Легко быть самаритянином при такой состоятельной матери.
Жена адвоката не любила таких разговоров, так что он воздерживался от них в присутствии дам.
Адвокат отметил и новый костюм доктора, и его естественную небрежность. Нельзя сказать, чтобы его это не задело.
Несколько мужчин курили у открытых дверей. Пономарь рассказывал редактору, что доктор выступил в правлении местной управы и потребовал дополнительных средств для комитета по делам неимущих.
Редактор шепотом ответил, что доктор, несомненно, расположен к политике. Может, за ним стоят влиятельные люди? Например, фру Дина? Сам-то доктор не привык работать локтями. Хотя не все пробившиеся самостоятельно могут похвастаться светлыми головами. Пономарь с ним согласился. Но его больше пугала уверенность Олаисена в том, что он сменит старого председателя управы на его посту.
Редактор уже знал об этом, но сказал, что по этому вопросу не было единого мнения. Пономарь разволновался и заявил, что многие не выносят Олаисена. Он слишком рвется вперед и не терпит возражений. К тому же он и сейчас обладает немалой властью. Есть риск, что он может все повернуть к собственной выгоде.
На это у редактора не оказалось собственной точки зрения. Пономарь должен помнить, благодаря кому редактор получил свое место.
— Вот именно! — достаточно громко сказал пономарь.
Он вдруг воодушевился и сказал, что профессорская дочка из Копенгагена лучше подошла бы в жены будущему председателю управы, чем копающаяся в своем саду вечно беременная Ханна Олаисен.
Редактор промолчал. Всему есть предел. Однако те, кто стоял поблизости, поняли самое главное и истолковали это по-своему. И уже в тот же вечер пошли слухи, что недалек день, когда доктор Грёнэльв станет председателем управы.
Управляющий банком скромно сидел у стены. Он пришел один, его жена часто хворала. Это был человек шестидесяти лет, знавший толк не только в банковских делах и вкладах.
Он обратил внимание, что в этот вечер на фру Дине было черное платье из матового шелка. При каждом ее движении возникали интересные тени. Глубокий вырез притягивал к себе взгляды. Даже тех, кого он возмущал, подумал управляющий банком. Лиф туго обтягивал грудь. От управляющего банком не укрылось, что корсета на Дине нет. Немного дерзко, но это ее дело. Ни кружев, ни украшений на платье тоже не было.
Зато рукава были схвачены круглыми резинками. Наверное, она позаимствовала их у доктора, чтобы рукава не задевали струн.
Длинные темные волосы с заметной сединой были зачесаны вверх и сколоты гребнем, напомнившем управляющему черепаший панцирь.
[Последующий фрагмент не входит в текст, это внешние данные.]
Lemma points_into_top_arc y v : y \in S -> v \in S -> y != v ->
  points_into y v -> arcX y v.
Proof.
move=> yS vS y_v /existsP[w /andP[/and3P[yX _ wc] vw]].
have [w0 cE] := out_branch wc; have [_ _ _ lp] := out_lsib wc.
have l_v : anq (lsib y) v.
  case/orP: (anceq_total (lsib_anceq_out wc) vw) => // vl.
  have [->|v_l] := eqVneq v (lsib y); first exact: anceq_refl.
  have := anceq_neq_par vl v_l; rewrite lp => /anceq_trans/(_ (anceq_par par y)) vy.
  by rewrite (top_anceq_eq yS (top_in vS) vy) eqxx in y_v.
move: wc; rewrite /Defs.arc yX (top_in vS) cE !inE l_v => /andP[_ ww0].
exact: anceq_trans vw ww0.
Qed.

Definition region y := [set u in X | anq y u || (u \in S) && points_into u y].

Lemma region_closed y a b : y \in S -> a \in region y -> gadj c X a b ->
  [|| b \in region y, (a == y) && arcX y b | [&& a \in S, points_into a y & arcX b a]].
Proof.
move=> yS; rewrite inE => /andP[aX aR] adj.
have bX : b \in X by case/orP: adj => /and3P[].
have [t tS tb] := top_exists bX.
have [ty|t_y] := eqVneq t y; first by rewrite inE bX -ty tb.
case/orP: adj => [ab|ba].
  case/orP: aR => [ya|/andP[aS /existsP[w1 /andP[aw1 yw1]]]].
    have ay : a = y by apply: (arc_across_tops ab yS tS ya tb); rewrite eq_sym.
    by subst a; rewrite eqxx ab orbT.
  by rewrite (out_arcs_same_top aw1 ab yS tS yw1 tb) eqxx in t_y.
have [ya|nya] := boolP (anq y a).
  have bt := arc_across_tops ba tS yS tb ya t_y.
  rewrite inE bX bt tS /=; apply/orP; left; apply/orP; right.
  by apply/existsP; exists a; rewrite -bt ba ya.
by move: aR; rewrite (negbTE nya) /= => /andP[aS ->]; rewrite aS ba /= !orbT.
Qed.

Lemma out_neighbour_notin_region y w : y \in S -> arcX y w -> w \notin region y.
Proof.
move=> yS yw; apply/negP; rewrite inE => /andP[_ /orP[y_w|]].
  by case/and3P: yw => _ _ /out_not_desc; rewrite y_w.
case/andP=> wS /existsP[w2 /andP[ww2 yw2]].
have := points_into_depth yS wS yw (anceq_refl par w) ww2.
by move/ltn_trans/(_ (points_into_depth wS yS ww2 yw2 yw)); rewrite ltnn.
Qed.

Hypothesis connected : connected_graph c X.
Hypothesis no_cut : forall x, ~ cut_vertex c X x.

Lemma top_out_arc_isolated y w : y \in S -> arcX y w ->
  (forall t, ~~ arcX t y) /\ {in X, forall u, anq y u -> u = y}.
Proof.
have [n] := ubnP (depth par (par y)); elim: n y w => // n IH y w /ltnSE lt_y yS yw.
have no_in_arc x : x \in S -> points_into x y -> forall t, ~~ arcX t x.
  move=> xS /existsP[w1 /andP[xw1 yw1]].
  exact: (IH x w1 (leq_trans (points_into_depth xS yS xw1 yw1 yw) lt_y) xS xw1).1.
have yX := top_in yS.
set Z := region y :\ y.
have Z0 : Z = set0.
  apply/eqP; apply: contraT => /set0Pn[z zZ].
  have ZXy : Z \subset X :\ y.
    by apply/subsetP => u; rewrite /Z !in_setD1 inE => /andP[-> /andP[-> _]].
  have closedZ a b : gadj c (X :\ y) a b -> a \in Z -> b \in Z.
    move=> /gadj_setD1[ab a_y b_y]; rewrite /Z !in_setD1 a_y b_y /= => aR.
    case/or3P: (region_closed yS aR ab) => // [/andP[/eqP ay]|/and3P[aS ya ba]].
      by rewrite ay eqxx in a_y.
    by rewrite (negbTE (no_in_arc a aS ya b)) in ba.
  have wXy : w \in X :\ y.
    by case/and3P: (yw) => _ wX /out_neq; rewrite in_setD1 wX eq_sym => ->.
  have := subsetP (no_cut_closed_sub connected (@no_cut y) yX ZXy closedZ zZ) w wXy.
  by rewrite /Z in_setD1 (negbTE (out_neighbour_notin_region yS yw)) andbF.
split=> [t|u uX yu].
  apply/negP => ty; have : t \in Z; last by rewrite Z0 inE.
  have /and3P[_ _ /out_neq t_y] := ty.
  rewrite /Z in_setD1 t_y inE (top_in (arc_into_top ty yS)) /=.
  rewrite (arc_into_top ty yS); apply/orP; right.
  by apply/existsP; exists y; rewrite ty anceq_refl.
apply/eqP; apply: contraT => u_y; have : u \in Z; last by rewrite Z0 inE.
by rewrite /Z in_setD1 u_y inE uX yu.
Qed.

Lemma top_sink_exists : exists2 v, v \in S & forall w, ~~ arcX v w.
Proof.
have [/set0Pn[x0 x0X] _] := connected; have [s sS _] := top_exists x0X.
have [/existsP[w sw]|/existsPn s_sink] := boolP [exists w, arcX s w]; last by exists s.
have /and3P[_ wX _] := sw; have [z zS zw] := top_exists wX.
exists z => // w'; apply/negP => zw'; have [no_in alone] := top_out_arc_isolated zS zw'.
by move: (no_in s); rewrite -(alone w wX zw) sw.
Qed.

Section Sink.
Variable v : V.
Hypotheses (vS : v \in S) (v_sink : forall w, ~~ arcX v w).

Lemma region_sink_full : X \subset region v.
Proof.
have vR : v \in region v by rewrite inE top_in // anceq_refl.
apply: (connected_closed_sub connected _ (top_in vS) vR) => a b ab aR.
case/or3P: (region_closed vS aR ab) => //.
  by case/andP=> _; rewrite (negbTE (v_sink b)).
case/and3P=> aS /existsP[w1 /andP[aw1 _]].
by have [/(_ b)/negP] := top_out_arc_isolated aS aw1.
Qed.

Lemma leaf_points_into y : y \in S :\ v -> points_into y v.
Proof.
rewrite in_setD1 => /andP[y_v yS].
move/subsetP/(_ y (top_in yS)): region_sink_full; rewrite inE => /andP[_ /orP[vy|]].
  by rewrite (top_anceq_eq yS (top_in vS) vy) eqxx in y_v.
by rewrite yS.
Qed.

Lemma leaf_arc y : y \in S :\ v -> arcX y v.
Proof.
move=> yL; have := leaf_points_into yL; move: yL; rewrite in_setD1 => /andP[y_v yS].
exact: points_into_top_arc yS vS y_v.
Qed.

Lemma leaf_isolated y : y \in S :\ v ->
  (forall t, ~~ arcX t y) /\ {in X, forall u, anq y u -> u = y}.
Proof.
move=> yL; have /existsP[w /andP[yw _]] := leaf_points_into yL.
by apply: top_out_arc_isolated yw; move: yL; rewrite in_setD1 => /andP[].
Qed.

Lemma sink_in_star : in_star_with_sink c X S v.
Proof.
split=> // x y xS yS; have [->|x_v] := eqVneq x v; first exact/negbTE/v_sink.
have [->|y_v] /= := eqVneq y v; first by apply: leaf_arc; rewrite in_setD1 x_v.
by apply/negbTE; apply: (leaf_isolated _).1; rewrite in_setD1 y_v.
Qed.

Lemma sink_degree_le : degree c X v <= #|S :\ v|.
Proof.
apply/subset_leq_card/subsetP => y; rewrite inE => /andP[_ /orP[vy|yv]].
  by rewrite (negbTE (v_sink y)) in vy.
by rewrite in_setD1 (arc_into_top yv vS) andbT; case/and3P: yv => _ _ /out_neq.
Qed.

Lemma leaf_source x : x \in S :\ v -> source_in c X X x.
Proof.
move=> xL; have [no_in _] := leaf_isolated xL; move: xL; rewrite in_setD1 => /andP[_ xS].
by rewrite /source_in top_in //=; apply/forallP => y; apply/implyP => _; apply: no_in.
Qed.

Lemma sink_anc_nontop w : w \in X :\: S -> anc par v w.
Proof.
rewrite in_setD => /andP[wS wX]; have [t tS tw] := top_exists wX.
have [tv|t_v] := eqVneq t v.
  by subst t; rewrite /anc tw andbT; apply: contraNneq wS => <-.
have tL : t \in S :\ v by rewrite in_setD1 t_v.
have [_ alone] := leaf_isolated tL.
by rewrite (alone w wX tw) tS in wS.
Qed.

End Sink.

End BurlingTree.

Theorem lemma4p7 (V : finType) (r : V) (par lb : V -> V) (c : V -> {set V})
    (X : {set V}) :
  burling_tree r par lb c ->
  connected_graph c X ->
  (forall x, ~ cut_vertex c X x) ->
  (forall x, x \in X -> 2 <= degree c X x) ->
  let S := top_set par X in
  exists v : V,
    [/\ (* (i) G[S] is an in-star with sink v and at least two leaves *)
        in_star_with_sink c X S v /\ 2 <= #|S :\ v|,
        (* consequently v is the unique pivot and the antennas are S \ v *)
        (forall x, pivot par c X x <-> x = v),
        (forall x, antenna par c X x <-> x \in S :\ v),
        (* (ii) every vertex of S \ v is a source of G *)
        (forall x, x \in S :\ v -> source_in c X X x) &
        (* (iii) the pivot is an ancestor in T of every vertex of V(G) \ S *)
        (forall w, w \in X :\: S -> anc par v w)].
Proof.
move=> burling connected no_cut deg S.
have [v vS v_sink] := top_sink_exists burling connected no_cut.
have star := sink_in_star burling connected no_cut vS v_sink.
have leaves : 2 <= #|S :\ v|.
  exact: leq_trans (deg v (top_in vS)) (sink_degree_le burling vS v_sink).
exists v; split=> //.
- by move=> x; apply: in_star_sinkE star.
- by move=> x; apply: in_star_sourceE star _; rewrite -card_gt0 ltnW.
- by move=> x; apply: (leaf_source burling connected no_cut vS v_sink).
- by move=> w; apply: (sink_anc_nontop burling connected no_cut vS v_sink).
Qed.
Из-под края юбки виднелись матовые шелковые чулки.
Управляющий спокойно разглядывал формы, открытые глубоким вырезом. Закинув ногу на ногу, он осторожно подтянул брюки, чтобы они не жали; мысли его были заняты прошлым домашним концертом. Он ждал, чтобы фру Дина заняла свое место, склонилась над виолончелью и отдалась музыке.
Педер, юный брат Олаисена, стоял у двери, не зная, следует ли ему войти или остаться снаружи. Когда же служанка захотела закрыть дверь, он предпочел войти внутрь.
Ему не с кем было здесь разговаривать и даже просто сесть рядом, но к этому он привык. Поскольку его мало интересовала погода, то и тем для разговора у него не было. Так уж повелось с самой весны, когда он приехал сюда из Трондхейма, где за счет брата окончил реальное училище.
Педер обратил внимание на дочь доктора, у нее были медно-каштановые вьющиеся волосы. Она сидела за пальмой вместе с докторшей. Сегодня она убрала волосы с лица и завязала их лентой.
Говорили, что она со странностями и иногда у нее случаются припадки. И что она постоянно, как лекарство, носит с собой черную Библию. На ней было белое муслиновое платье с длинной юбкой, она выглядела сердитой. А может, она всегда была такая.
Наконец фру Дина вышла к зрителям и приветствовала всех, кто пришел отметить прибытие нового рояля. Она рассказала о долгом морском путешествии, проделанном этим инструментом. Такое же путешествие в свое время проделала и она сама. Потом она рассказала о сыновьях Хенри Э. Стенвея, которые приехали в Гамбург из Америки, чтобы делать рояли.
Гамбург — хороший город, подумал Педер Олаисен. Там наверняка строят и корабли.
Те, кто раньше бывал в «Гранд Отеле» или слышал, как разговаривает фру Дина, и не подозревали, что она способна говорить так долго без передышки. В ней было что-то не располагающее к доверию.
Что-то пугало их в этой женщине, которая все бросила и, как говорится, исчезла в далеком мире. А потом неожиданно вернулась, купила гостиницу и половину верфи.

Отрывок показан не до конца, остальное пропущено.